Open jingliao132 opened 6 years ago
Correct, the files in text_c10
seem to contain character-level encoding of descriptions. There are ~70 possible integer values, which corresponds perhaps to a lowercase + uppercase alphabet and punctuation. I haven't been able to figure out where the character -> index mapping lives...or if we have to figure it out ourselves...

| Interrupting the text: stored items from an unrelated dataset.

(* In the setting of the context, $N$ is isomorphic to the permutation module $k[U_3/H_2]$, and its socle is spanned by $d_1^2=x^2$. Also, $K$ is isomorphic to the permutation module $k[U_3/H_1]$, and its socle is spanned by $d_2=y^2+xy$.
   Context: Let $k=\mathbb{F}_2$ and let $U_3\cong D_8$ be the group of upper unitriangular $3\times 3$ matrices over $\mathbb{F}_2$. The group $U_3$ acts on the polynomial ring $k[x,y,z]$ by graded algebra automorphisms. Its action on the degree-one part $M=\langle x,y,z\rangle$ is the natural module, and it preserves the flag $\langle x\rangle\subset\langle x,y\rangle\subset\langle x,y,z\rangle$. Let $b,c,d\in U_3$ be the elements defined as follows: - $b$ sends $y\mapsto y+x$ and fixes $x,z$; - $c$ sends $z\mapsto z+x$ and fixes $x,y$; - $d$ sends $z\mapsto z+y$ and fixes $x,y$. Let $H_1=\langle b,c\rangle$ and $H_2=\langle d\rangle$. Put $d_1=x$ and $d_2=y^2+xy$. Let $N$ be the $kU_3$-submodule of $k[x,y,z]$ generated by $\phi=z^2+yz$, and let $K$ be the $kU_3$-submodule generated by $\theta=z^2+xz$. *)

From HB Require Import structures.
From mathcomp Require Import all_boot all_order all_algebra all_fingroup.
From mathcomp Require Import mpoly.
Set Implicit Arguments. Unset Strict Implicit. Unset Printing Implicit Defensive.
Import GRing.Theory.
Local Open Scope ring_scope.
Lemma sort_fst_lex W : sort <=%R (map fst W) = map fst (sort lexle W).
Proof.
apply: (sorted_eq le_trans le_anti); first exact: (sort_sorted le_total).
  rewrite sorted_map; apply: sub_sorted (sort_sorted lexle_total W).
  by move=> p q /lexle_fst.
by rewrite perm_sort perm_map // perm_sym perm_sort.
Qed.

Lemma near_all_in (T : eqType) (s : seq T) (F : set_system R) (FF : Filter F)
    (Q : T -> R -> Prop) :
  (forall x, x \in s -> \forall h \near F, Q x h) ->
  \forall h \near F, forall x, x \in s -> Q x h.
Proof.
elim: s => [|a s IH] H; first by apply: nearW => h x; rewrite in_nil.
have Ha := H a (mem_head _ _).
have Hs := IH (fun x xs => H x (mem_behead (s := a :: s) xs)).
near=> h => x; rewrite in_cons.
case/orP=> [/eqP->|xs]; [near: h; exact: Ha | move: x xs; near: h; exact: Hs].
Unshelve. all: by end_near.
Qed.

Lemma germ_le_near p q : lexle p q -> \forall h \near 0^'+, germ h p <= germ h q.
Proof.
case/orP=> [lt1|/andP[/eqP e1 le2]]; last first.
  near=> h; rewrite /germ e1 lerD2l; apply: ler_wpM2r le2.
  by apply: ltW; near: h; exact: nbhs_right_gt.
pose K := `|p.2| + `|q.2| + 1.
have K0 : 0 < K by rewrite /K ltr_wpDl // addr_ge0.
near=> h.
have h0 : 0 < h by near: h; exact: nbhs_right_gt.
have Kh : K * h < q.1 - p.1.
  rewrite mulrC -ltr_pdivlMr //; near: h; apply: nbhs_right_lt.
  by rewrite divr_gt0 // subr_gt0.
have a1 : p.2 <= `|p.2| by exact: ler_norm.
have a2 : - q.2 <= `|q.2| by rewrite -normrN ler_norm.
rewrite /germ; move: Kh; rewrite /K => Kh; nra.
Unshelve. all: by end_near.
Qed.

Lemma sort_germ_near W : \forall h \near 0^'+,
  sort <=%R (map (germ h) W) = map (germ h) (sort lexle W).
Proof.
have : \forall h \near 0^'+, forall p, p \in W -> forall q, q \in W ->
    lexle p q -> germ h p <= germ h q.
  apply: near_all_in => p _; apply: near_all_in => q _.
  case pq: (lexle p q); last by apply: nearW.
  by near=> h => _; near: h; exact: germ_le_near.
apply: filterS => h Hh.
apply: (sorted_eq le_trans le_anti); first exact: (sort_sorted le_total).
  rewrite sorted_map.
  apply: (sub_in_sorted (P := mem W)) (sort_sorted lexle_total W).
    by move=> p q pW qW /= pq; exact: Hh.
  by apply/allP => p; rewrite mem_sort.
by rewrite perm_sort perm_map // perm_sym perm_sort.
Unshelve. all: by end_near.
Qed.

Lemma sum_sorted_prefix W i : (0 < i < size W)%N ->
  (nth (0,0) (sort lexle W) i.-1).1 < (nth (0,0) (sort lexle W) i).1 ->
  \sum_(j < i) (nth (0,0) (sort lexle W) j).2 =
  \sum_(p <- W | p.1 <= (nth (0,0) (sort lexle W) i.-1).1) p.2.
Proof.
move=> /andP[i0 iW]; set S := sort lexle W => gap.
set th := (nth (0,0) S i.-1).1.
have sS : size S = size W by rewrite size_sort.
have srt : sorted <=%R (map fst S).
  by rewrite -sort_fst_lex; exact: (sort_sorted le_total).
have mono : forall a b, (a <= b)%N -> (b < size W)%N ->
    (nth (0,0) S a).1 <= (nth (0,0) S b).1.
  move=> a b ab bW.
  have aW : (a < size W)%N by exact: leq_ltn_trans ab bW.
  rewrite -!(nth_map (0,0) 0 fst) ?sS //.
  by apply: (sorted_leq_nth le_trans lexx) => //; rewrite inE size_map sS.
rewrite (perm_big S) /=; last by rewrite perm_sym perm_sort.
rewrite (big_nth (0,0)) sS (big_cat_nat _ (n:=i)) //=; last exact: ltnW.
rewrite [X in _ + X]big1_seq ?addr0; last first.
  move=> j /andP[Hj]; rewrite mem_index_iota => /andP[ij jW].
  by have := lt_le_trans gap (mono _ _ ij jW); rewrite ltNge Hj.
rewrite big_mkord; symmetry; apply: eq_bigl => j /=.
rewrite /th mono //; first by rewrite -ltnS prednK.
by apply: ltn_trans iW; rewrite prednK.
Qed.

Lemma right_slope_affine (f : R -> R) (x s : R) :
  (\forall h \near 0^'+, f (x + h) = f x + s * h) -> right_slope f x s.
Proof.
move=> Hf; apply: cvg_near_cst; near=> h.
have h0 : 0 < h by near: h; exact: nbhs_right_gt.
rewrite (near Hf h) //; field; exact: lt0r_neq0.
Unshelve. all: by end_near.
Qed.

Lemma left_slope_affine (f : R -> R) (x s : R) :
  (\forall h \near 0^'+, f (x - h) = f x - s * h) -> left_slope f x s.
Proof.
move=> Hf; apply: cvg_near_cst; near=> h.
have h0 : 0 < h by near: h; exact: nbhs_right_gt.
rewrite (near Hf h) //; field; exact: lt0r_neq0.
Unshelve. all: by end_near.
Qed.
End GermSort.
Arguments lexle {R}.
Arguments germ {R}.

Section Breakpoints.
Variable R : realType.
Variables (l : nat) (rho : nat -> R).
Hypothesis l_gt0 : (0 < l)%N.
Hypothesis rho_gt1 : forall i, (1 <= i <= l)%N -> 1 < rho i.

Local Notation sigma := (sigma rho).
Local Notation tau := (tau l rho).
Local Notation sigmaZ := (sigmaZ l rho).
Local Notation modl := (modl l).

Lemma sigmaS h : sigma h.+1 = sigma h * rho h.+1.
Proof. by rewrite /Defs.sigma big_nat_recr. Qed.

Lemma sigma0 : sigma 0 = 1.
Proof. by rewrite /Defs.sigma big_geq. Qed.

Lemma sigma_ge1 h : (h <= l)%N -> 1 <= sigma h.
Proof.
elim: h => [|h IH] hl; first by rewrite sigma0.
rewrite sigmaS -[1]mulr1; apply: ler_pM => //; first exact/IH/ltnW.
by apply/ltW/rho_gt1; rewrite hl.
Qed.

On the other hand the files in word_c10
contain word-level descriptions of encodings. The vocab_c10.t7
file maps from words to these integers (confirmed by manually translating some of the vectors in word_c10
).
Hello scot! I am confused at how to wrap up .h5 files from .txt(in folder text_c10) when checking the cub data downloading from the link you provided. I open the .h5 file, I found the keys are like 'txt1', 'txt2',..., 'txt10'. Since there are exactly 10 text descriptions in each .txt file, I guess each key value should be corresponding to a text description in .txt. Next, I check the key value of 'txt1', it is a one dimensional tensor with shape (90,): [116, 104, 101, ..., 46]. The 'txt2' shape is (76,). The '90', '76' is very close to the number of alphabets in each text description. I guess the one-dimensional tensor is encoded from an alphabet list(character-level). However, the vocab_c10.t7 is a dictionary contains many words(word-level). It is really weird. How do you encode each text description from .txt to .h5 file? and how do you generate .t7 files(6020110 DoubleTensor) under /text_c10?